Remember when we were told coroutines would solve everything? P2300 and sender/receiver would give us async I/O and it would be beautiful? Now we need fibers because coroutine frame allocation is a problem (P4003R0), and coroutines waiting on senders need to propagate a custom allocator through every parameter list (P4007R0). Classic.

Reply Share Report

▲ ▼

u/senior_cpp_23 28 points 4 hr. ago

Coroutines and fibers serve different purposes. Coroutines are great for lazy evaluation, generators, and structured concurrency patterns where suspension points are explicit. Fibers are for when you want to run existing synchronous code cooperatively without rewriting every function signature. Reading the paper helps.

Reply Share Report

▲ ▼

u/coroutine_hater 15 points 4 hr. ago

I've read all 22 revisions thanks.

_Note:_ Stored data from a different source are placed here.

(* Let $A$ be a partial ring. If $a_1,a_2,a\in A$ and $(a_1\dotplus a_2,\,a)\in R(A)$, then $(a_1,a_2)\in A_2$ and $a_1+a_2=a$.
   Context: A partial ring is a set $A$ with $0$, a set $A_2\subseteq A\times A$ of summable pairs and a partial addition $+\colon A_2\to A$ ($0$ a unit summable with everything; commutative; associative in the sense: $(a,b),(a+b,c)\in A_2$ iff $(b,c),(a,b+c)\in A_2$, and then $(a+b)+c=a+(b+c)$), together with a commutative associative multiplication with unit $1$ such that $0\cdot a=0$ and $(a_1,a_2)\in A_2\Rightarrow(a_1x,a_2x)\in A_2$, $(a_1+a_2)x=a_1x+a_2x$. Let $\mathbb{N}[A]$ be the monoid semiring of the multiplicative monoid of $A$; additively it is the free commutative monoid on the underlying set of $A$, with elements written $b_1\dotplus\cdots\dotplus b_r$ (the empty sum, denoted $\emptyset$, is its additive zero, distinct from the element $0\in A$). Let $R_1(A)=\{(0\dotplus x,\,x),\ (a_1\dotplus a_2\dotplus x,\,(a_1+a_2)\dotplus x) : (a_1,a_2)\in A_2,\ x\in\mathbb{N}[A]\}$, and let $R(A)$ be the smallest equivalence relation on $\mathbb{N}[A]$ containing $R_1(A)$. *)

From Stdlib Require Import List Permutation Relations.
Import ListNotations.

(* Partial addition is encoded as a total function into option:
   (a,b) \in A_2  <->  padd a b <> None, and then padd a b = Some (a+b). *)
Definition obind {X Y : Type} (f : X -> option Y) (o : option X) : option Y :=
  match o with Some x => f x | None => None end.

Record PartialRing := {
  carrier :> Type;
  pzero : carrier;
  pone : carrier;
  padd : carrier -> carrier -> option carrier;
  pmul : carrier -> carrier -> carrier;
  padd0 : forall a, padd pzero a = Some a;
  paddC : forall a b, padd a b = padd b a;
  (* associativity: (a,b),(a+b,c) in A2 iff (b,c),(a,b+c) in A2, and then
     (a+b)+c = a+(b+c) *)
  paddA : forall a b c,
      obind (fun s => padd s c) (padd a b) = obind (fun t => padd a t) (padd b c);
  pmulC : forall a b, pmul a b = pmul b a;
  pmulA : forall a b c, pmul a (pmul b c) = pmul (pmul a b) c;
  pmul1 : forall a, pmul pone a = a;
  pmul0 : forall a, pmul pzero a = pzero;
  pmulDl : forall a1 a2 s x, padd a1 a2 = Some s ->
      padd (pmul a1 x) (pmul a2 x) = Some (pmul s x)
}.

(* Elements of N[A] (the free commutative monoid on the underlying set of A)
   are represented by lists [b1; ...; br] standing for b1 ∔ ... ∔ br; two lists
   represent the same element of N[A] iff they are permutations of each other.
   The empty list is the empty sum ∅ (distinct from [pzero]). *)
Definition NA (A : PartialRing) := list (carrier A).

(* R_1(A), with x ∔ y represented by list concatenation x ++ y. *)
Inductive R1 (A : PartialRing) : NA A -> NA A -> Prop :=
| R1_zero : forall x : NA A, R1 A (pzero A :: x) x
| R1_add : forall (a1 a2 s : carrier A) (x : NA A),
    padd A a1 a2 = Some s -> R1 A (a1 :: a2 :: x) (s :: x).

(* R(A): the smallest equivalence relation on N[A] containing R_1(A).
   On the list representation, this is the smallest equivalence relation
   containing R_1 and the identification of lists up to permutation
   (i.e. equality in N[A]). *)
Definition R1perm (A : PartialRing) (x y : NA A) : Prop :=
  R1 A x y \/ Permutation x y.

Definition RA (A : PartialRing) : NA A -> NA A -> Prop :=
  clos_refl_sym_trans (NA A) (R1perm A).

From Stdlib Require Import List Permutation Relations.
Import ListNotations.

(* Evaluating a formal sum b1 ∔ ... ∔ br with the partial addition of A gives a
   map N[A] -> option A (None when some partial sum is undefined).  The unit and
   associativity axioms make it constant on the pairs of R_1(A), associativity
   and commutativity make it invariant under reordering, so it is constant on
   R(A)-classes.  On a1 ∔ a2 it is padd a1 a2, on a it is Some a. *)

Section PartialSum.

Variable A : PartialRing.

Fixpoint psum (x : NA A) : option A :=
  match x with
  | [] => Some (pzero A)
  | b :: x => obind (padd A b) (psum x)
  end.

Lemma padd0r (a : A) : padd A a (pzero A) = Some a.
Proof. rewrite paddC; apply padd0. Qed.

Lemma psum_pair (a1 a2 : A) : psum [a1; a2] = padd A a1 a2.
Proof. simpl; rewrite padd0r; reflexivity. Qed.

Lemma psum_singleton (a : A) : psum [a] = Some a.
Proof. simpl; apply padd0r. Qed.

Lemma psum_R1 (x y : NA A) : R1 A x y -> psum x = psum y.
Proof.
  intros [x' | a1 a2 s x' Hs]; simpl; destruct (psum x') as [t|]; simpl;
    try reflexivity.
  - apply padd0.
  - pose proof (paddA A a1 a2 t) as E; rewrite Hs in E; simpl in E.
    symmetry; exact E.
Qed.

Lemma psum_perm (x y : NA A) : Permutation x y -> psum x = psum y.
Proof.
  induction 1 as [| b x y _ IH | b c x | x y z _ IHxy _ IHyz]; simpl.
  - reflexivity.
  - rewrite IH; reflexivity.
  - destruct (psum x) as [t|]; simpl; [|reflexivity].
    (* b + (c + t) = (b + c) + t = (c + b) + t = c + (b + t) *)
    pose proof (paddA A b c t) as Ebc; pose proof (paddA A c b t) as Ecb.
    rewrite paddC in Ecb; rewrite Ecb in Ebc; exact Ebc.
  - congruence.
Qed.

Lemma psum_RA (x y : NA A) : RA A x y -> psum x = psum y.
Proof.
  induction 1 as [x y [H | H] | | |]; try congruence.
  - apply psum_R1; exact H.
  - apply psum_perm; exact H.
Qed.

End PartialSum.

Theorem mainTheorem16 (A : PartialRing) (a1 a2 a : carrier A) :
  RA A [a1; a2] [a] -> padd A a1 a2 = Some a.
Proof.
  intros H.
  rewrite <- psum_pair, <- psum_singleton.
  apply psum_RA; exact H.
Qed.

My point is that the committee spent 5 years betting on stackless coroutines as the async primitive and now we're circling back to "actually you need stackful switching too." The ecosystem figured this out ages ago - that's why Boost.Fiber and folly::fibers exist.

Reply Share Report

▲ ▼

u/actually_read_the_paper 89 points 3 hr. ago

Let me lay out the timeline because the process story here is remarkable.

LWG tentatively approved library wording in St. Louis, June 2024. CWG finished initial core wording review in Tokyo, March 2024 - with one change request (per-fiber exception state). EWG approved that change 6/8/3/0/0 in St. Louis. Then EWG requested implementation experience. Wroclaw: presented it. Microsoft asked for time. Hagenberg: Microsoft conceded it's implementable, but arrived too late for EWG. Sofia, June 2025: EWG forwarded to CWG/LWG for C++26 with SF 10 / F 14 / N 4 / A 5 / SA 1.

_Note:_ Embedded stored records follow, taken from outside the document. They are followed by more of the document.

(* Let $m,n\ge 1$ and let $T$ be an invertible $mn\times mn$ Toeplitz-block Toeplitz matrix $T=\{\mathcal{T}_{i-k}\}_{i,k=1}^n$, $\mathcal{T}_r=\{t_r^{(j-\ell)}\}_{j,\ell=1}^m$. Define $$\omega(\lambda,\mu)=\mathbf{1}^*(A_1^*-\mu_1 I)^{-1}(A_2^*-\mu_2 I)^{-1}T^{-1}(A_2-\lambda_2 I)^{-1}(A_1-\lambda_1 I)^{-1}\mathbf{1},$$ $$u(\mu)=\mathbf{1}^*(A_1^*-\mu_1 I)^{-1}(A_2^*-\mu_2 I)^{-1}\Gamma-\mathrm{i}\begin{bmatrix}\mathbf{1}_m^*(\mathcal{A}_2^*-\mu_2 I_m)^{-1} & 0 & \mathbf{1}_n^*(\mathcal{A}_1^*-\mu_1 I_n)^{-1} & 0\end{bmatrix},$$ $$\widehat u(\lambda)=\widehat\Gamma(A_2-\lambda_2 I)^{-1}(A_1-\lambda_1 I)^{-1}\mathbf{1}+\mathrm{i}\begin{bmatrix}0\\ (\mathcal{A}_2-\lambda_2 I_m)^{-1}\mathbf{1}_m\\ 0\\ (\mathcal{A}_1-\lambda_1 I_n)^{-1}\mathbf{1}_n\end{bmatrix},$$ where in $u$ the blocks have lengths $m,m,n,n$ and in $\widehat u$ the blocks have heights $m,m,n,n$. Then for $p=1$ and $p=2$, $$\omega(\lambda,\mu)=\mathrm{i}(\lambda_p-\mu_p)^{-1}u(\mu)P_p\widehat u(\lambda).$$
   Context: $\mathrm{i}$ is the imaginary unit, $I_r$ the $r\times r$ identity, $I=I_{mn}$, $\mathbf{1}_r$ the column of length $r$ with all entries $1$, $\mathbf{1}=\mathbf{1}_{mn}$; $^*$ is conjugate transpose. The entry $t_r^{(s)}$ of the block $\mathcal T_{i-k}$ at position $(j,\ell)$ sits in row $m(i-1)+j$, column $m(k-1)+\ell$ of $T$. For $N\ge1$ let $\mathcal{A}^{(N)}=\{a_{j-\ell}\}_{j,\ell=1}^N$ with $a_r=0$ for $r<0$, $a_0=\mathrm{i}/2$, $a_r=\mathrm{i}$ for $r>0$. Put $\mathcal A_1=\mathcal A^{(n)}$, $\mathcal A_2=\mathcal A^{(m)}$, $A_1=\{a_{i-k}I_m\}_{i,k=1}^n$ (i.e. $\mathcal A_1\otimes I_m$) and $A_2=\mathrm{diag}\{\mathcal A_2,\dots,\mathcal A_2\}$ ($n$ diagonal blocks). Define: $M_{11}=\mathrm{col}[\mathcal M_{11}^{(1)},\dots,\mathcal M_{11}^{(n)}]$ with $\mathcal M_{11}^{(i)}=\frac12\mathcal T_0+\sum_{s=1}^{i-1}\mathcal T_s$; $M_{21}=[I_m\ I_m\ \cdots\ I_m]$ ($m\times mn$); $M_{31}=M_{21}^*$; $M_{41}=[\mathcal M_{41}^{(1)}\ \cdots\ \mathcal M_{41}^{(n)}]$ with $\mathcal M_{41}^{(k)}=\frac12\mathcal T_0+\sum_{s=1}^{k-1}\mathcal T_{-s}$. For each $r$ let $\mathcal M_{12}^{(r)}$ be the $m\times1$ column whose $j$-th entry is $\frac12 t_r^{(0)}+\sum_{s=1}^{j-1}t_r^{(s)}$, and $\mathcal M_{42}^{(r)}$ the $1\times m$ row whose $\ell$-th entry is $\frac12 t_r^{(0)}+\sum_{s=1}^{\ell-1}t_r^{(-s)}$. Let $M_{12}=\{\mathcal M_{12}^{(i-k)}\}_{i,k=1}^n$ ($mn\times n$), $M_{22}=\mathrm{diag}\{\mathbf 1_m^*,\dots,\mathbf 1_m^*\}$ ($n\times mn$), $M_{32}=M_{22}^*$, $M_{42}=\{\mathcal M_{42}^{(i-k)}\}_{i,k=1}^n$ ($n\times mn$). Let $\Pi_p=[M_{1p}\ M_{3p}]$, $\widehat\Pi_p=\begin{bmatrix}M_{2p}\\ M_{4p}\end{bmatrix}$, $\Gamma_p=T^{-1}\Pi_p$, $\widehat\Gamma_p=\widehat\Pi_pT^{-1}$ ($p=1,2$), $\Gamma=[\Gamma_1\ \Gamma_2]$, $\widehat\Gamma=\begin{bmatrix}\widehat\Gamma_1\\ \widehat\Gamma_2\end{bmatrix}$. Finally $P_1=\mathrm{diag}\{I_{2m},0_{2n}\}$ and $P_2=I_{2(m+n)}-P_1$. *)

From HB Require Import structures.
From mathcomp Require Import all_boot all_order all_algebra.
Set Implicit Arguments. Unset Strict Implicit. Unset Printing Implicit Defensive.
Import Order.TTheory GRing.Theory Num.Theory.
Local Open Scope ring_scope.

(* Conventions: all indices are 0-based.  An index a : 'I_(m*n) corresponds to
   the paper's row m(i-1)+j with i-1 = a %/ m, j-1 = a %% m.
   t r s stands for t_r^{(s)} (only |r| < n, |s| < m matter). *)

Section Defs.
Variable C : numClosedFieldType.

Definition ctr (p q : nat) (A : 'M[C]_(p, q)) : 'M[C]_(q, p) :=
  (map_mx Num.conj A)^T.

Definition ones (r : nat) : 'cV[C]_r := const_mx 1.

Definition tbt (m n : nat) (t : int -> int -> C) : 'M[C]_(m * n) :=
  \matrix_(a, b) t ((a %/ m)%N%:Z - (b %/ m)%N%:Z) ((a %% m)%N%:Z - (b %% m)%N%:Z).

Definition aseq (r : int) : C :=
  if r < 0 then 0 else if r == 0 then 'i / 2%:R else 'i.

Definition calA (N : nat) : 'M[C]_N :=
  \matrix_(j, l) aseq (j%:Z - l%:Z).

(* A_1 = \mathcal A_1 \otimes I_m *)
Definition A1 (m n : nat) : 'M[C]_(m * n) :=
  \matrix_(a, b) (aseq ((a %/ m)%N%:Z - (b %/ m)%N%:Z) * (((a %% m)%N == (b %% m)%N)%:R)).

(* A_2 = diag(\mathcal A_2, ..., \mathcal A_2) *)
Definition A2 (m n : nat) : 'M[C]_(m * n) :=
  \matrix_(a, b) ((((a %/ m)%N == (b %/ m)%N)%:R) * aseq ((a %% m)%N%:Z - (b %% m)%N%:Z)).

Section Ms.
Variables (m n : nat) (t : int -> int -> C).

Definition M11 : 'M[C]_(m * n, m) :=
  \matrix_(a, l) (t 0 ((a %% m)%N%:Z - l%:Z) / 2%:R
     + \sum_(1%N <= s < ((a %/ m)%N).+1) t s%:Z ((a %% m)%N%:Z - l%:Z)).
Definition M21 : 'M[C]_(m, m * n) := \matrix_(j, b) (((b %% m)%N == j)%:R).
Definition M31 : 'M[C]_(m * n, m) := ctr M21.
Definition M41 : 'M[C]_(m, m * n) :=
  \matrix_(j, b) (t 0 (j%:Z - (b %% m)%N%:Z) / 2%:R
     + \sum_(1%N <= s < ((b %/ m)%N).+1) t (- s%:Z) (j%:Z - (b %% m)%N%:Z)).

Definition M12 : 'M[C]_(m * n, n) :=
  \matrix_(a, k) (t ((a %/ m)%N%:Z - k%:Z) 0 / 2%:R
     + \sum_(1%N <= s < ((a %% m)%N).+1) t ((a %/ m)%N%:Z - k%:Z) s%:Z).
Definition M22 : 'M[C]_(n, m * n) := \matrix_(i, b) (((b %/ m)%N == i)%:R).
Definition M32 : 'M[C]_(m * n, n) := ctr M22.
Definition M42 : 'M[C]_(n, m * n) :=
  \matrix_(i, b) (t (i%:Z - (b %/ m)%N%:Z) 0 / 2%:R
     + \sum_(1%N <= s < ((b %% m)%N).+1) t (i%:Z - (b %/ m)%N%:Z) (- s%:Z)).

And then CWG and LWG ran out of time.

The paper quotes P1000R6:

Just wait a couple more meetings and C++ will be open for business and can be the first thing voted into the C++ working draft.

This is the promise of the train model. A paper that has been through 22 revisions, had wording approved by two groups, got forwarded by a third, and still missed the train because of scheduling. Now it's C++29. The authors are understandably frustrated, and they are being polite about it.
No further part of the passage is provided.